You wake up in the morning, and your ears are ringing. This is weird because they weren’t doing that last night. So you begin thinking about likely causes: lately, you’ve been keeping your music at a moderate volume and you haven’t been working in a loud environment. But you did take some aspirin for your headache before bed.
Might it be the aspirin?
And that idea gets your mind going because perhaps it is the aspirin. You feel like you recall hearing that certain medications can bring about tinnitus symptoms. Is one of those medicines aspirin? And does that mean you should quit using aspirin?
What’s The Relationship Between Tinnitus And Medications?
The long standing rumor has associated tinnitus symptoms with numerous medications. But those rumors aren’t exactly what you’d call well-founded.
The common notion is that tinnitus is widely seen as a side effect of a diverse range of medicines. But the reality is that only a few medications lead to tinnitus symptoms. So why do so many people believe tinnitus is such a common side effect? Well, there are a couple of theories:
- The affliction of tinnitus is fairly common. Chronic tinnitus is a problem for as many as 20 million people. Some coincidental timing is inevitable when that many individuals suffer with tinnitus symptoms. Enough individuals will begin taking medications around the same time that their unrelated tinnitus starts to act up. Because the timing is, coincidentally, so close, people make some erroneous (but understandable) assumptions about cause-and-effect.
- Beginning a new medicine can be stressful. Or, in some instances, it’s the underlying cause, the thing that you’re taking the medication to fix, that is stressful. And stress is a common cause of (or exacerbator of) tinnitus symptoms. So it’s not medicine causing the tinnitus. The whole experience is stressful enough to cause this type of confusion.
- Many medicines can affect your blood pressure, which also can affect tinnitus.
Which Medications Can Trigger Tinnitus?
There are a few medicines that do have a well-founded (that is, scientifically established) cause-and-effect connection with tinnitus.
Powerful Antibiotics And The Tinnitus Link
There are a few antibiotics that have ototoxic (ear harming) properties. Known as aminoglycosides, these antibiotics are quite powerful and are usually saved for extreme situations. High doses tend to be avoided because they can result in damage to the ears and bring about tinnitus symptoms.

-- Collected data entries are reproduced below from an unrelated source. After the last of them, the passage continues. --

(* The set X of (incidence vectors, i.e. edge sets, of) simple s-t paths. *)
Definition st_paths (s t : V) : set {set E} :=
  [set x | exists es : seq E, simple_path s t es /\ x = [set e in es]].

End Graph.

Section Regret.
Variables (R : realType) (E : finType).

Definition cost (c : E -> R) (y : {set E}) : R := \sum_(e in y) c e.

Definition unc_set (chat : E -> R) (lam : R) : set (E -> R) :=
  [set c | forall e, (1 - lam) * chat e <= c e <= (1 + lam) * chat e].

Definition regret (X : set {set E}) (chat : E -> R) (x : {set E}) (lam : R) : R :=
  sup [set cost c x - inf [set cost c y | y in X] | c in unc_set chat lam].

Definition changepoints (f : R -> R) : set R :=
  [set lam | 0 <= lam <= 1 /\
     ~ (exists eps a b : R, 0 < eps /\
          forall mu, 0 <= mu <= 1 -> `|mu - lam| < eps -> f mu = a * mu + b)].

Definition obj1 (chat : E -> R) (x y : {set E}) : R := \sum_(e in x :&: y) 2 * chat e.
Definition obj2 (chat : E -> R) (y : {set E}) : R := \sum_(e in y) chat e.
Definition obj (chat : E -> R) (x y : {set E}) : R * R := (obj1 chat x y, obj2 chat y).

(* y is an extreme efficient solution: it is an optimum of a weighted-sum
   scalarization with strictly positive weights (lam, 1 - lam), and every other
   optimum of that scalarization has the same objective vector (so obj y is an
   extreme supported nondominated point). *)
Definition extreme_efficient (X : set {set E}) (chat : E -> R) (x y : {set E}) : Prop :=
  X y /\ exists lam : R, 0 < lam < 1 /\
    forall z, X z ->
      lam * obj1 chat x y + (1 - lam) * obj2 chat y
        <= lam * obj1 chat x z + (1 - lam) * obj2 chat z /\
      (lam * obj1 chat x z + (1 - lam) * obj2 chat z
         = lam * obj1 chat x y + (1 - lam) * obj2 chat y -> obj chat x z = obj chat x y).

(* The extreme efficient solutions, counted up to equal objective vectors
   (i.e. the set of extreme nondominated points). *)
Definition extreme_points (X : set {set E}) (chat : E -> R) (x : {set E}) : set (R * R) :=
  [set obj chat x y | y in extreme_efficient X chat x].

End Regret.

From HB Require Import structures.
From mathcomp Require Import all_boot all_order all_algebra.
From mathcomp Require Import boolp classical_sets reals.
From mathcomp Require Import ring lra.
Import Order.TTheory GRing.Theory Num.Theory.
Local Open Scope ring_scope.
Local Open Scope classical_set_scope.
Set Implicit Arguments. Unset Strict Implicit.

(* For lam >= 0 the worst scenario raises the costs on x to their maximum and
   lowers all others to their minimum, so reg(x, lam) is the upper envelope
   of the finitely many lines lam |-> f_lam(x) - f_lam(y), y in X, where
   f_lam = lam f1 + (1 - lam) f2 is the weighted-sum scalarization.
   Just right of any lam some line is maximal.  At a changepoint lam, which
   lies in (0, 1), the maximal path y is optimal for a weight in (lam, 1);
   any other optimum there touches the line of y inside the interval where
   that line dominates, so it has the same line, hence the same objective
   vector, and y is extreme efficient.  If two changepoints lam1 < lam2 gave
   the same objective vector, one line would be maximal just right of lam1
   and just right of lam2, hence on a neighbourhood of lam2, which then is
   no changepoint. *)

Section Lines.
Variable R : realFieldType.
Implicit Types (l k j : R * R) (lam mu p m q eps : R).

Lemma exists_pos_le2 (a b : R) : 0 < a -> 0 < b -> exists d, [/\ 0 < d, d <= a & d <= b].
Proof.
move=> a0 b0; exists (Order.min a b).
by split; rewrite ?lt_min ?a0 ?b0 // ge_min lexx ?orbT.
Qed.

Definition line_eval l mu : R := l.1 * mu + l.2.

Definition dominates_right l k lam eps :=
  forall mu, lam <= mu -> mu < lam + eps -> line_eval k mu <= line_eval l mu.

Lemma dominates_right_shrink l k lam eps eps' :
  eps' <= eps -> dominates_right l k lam eps -> dominates_right l k lam eps'.
Proof. by move=> le_eps dom mu h1 h2; apply: dom => //; lra. Qed.

Lemma dominates_right_trans l k j lam eps :
  dominates_right l k lam eps -> dominates_right k j lam eps ->
  dominates_right l j lam eps.
Proof. by move=> dlk dkj mu h1 h2; apply: le_trans (dlk _ h1 h2); apply: dkj. Qed.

Medicines For High Blood Pressure
Diuretics are commonly prescribed for people who have hypertension (high blood pressure). Some diuretics have been known to trigger tinnitus-like symptoms, but usually at substantially higher doses than you might typically encounter.
Ringing in The Ears Can be Trigger by Taking Aspirin
And, yes, the aspirin could have been what triggered your tinnitus. But here’s the thing: Dosage is once again extremely significant. Generally speaking, tinnitus occurs at extremely high dosages of aspirin. The dosages you would take for a headache or to manage heart disease aren’t usually big enough to trigger tinnitus. But when you stop taking high doses of aspirin, fortunately, the ringing tends to disappear.
Consult Your Doctor
There are some other medicines that might be capable of triggering tinnitus. And there are also some odd medicine combinations and interactions that may generate tinnitus-like symptoms. So consulting your doctor about any medication side effects is the best strategy.
That said, if you start to experience buzzing or ringing in your ears, or other tinnitus-like symptoms, have it checked out. It’s hard to say for certain if it’s the medication or not. Tinnitus is also strongly connected to hearing loss, and some treatments for hearing loss (like hearing aids) can help.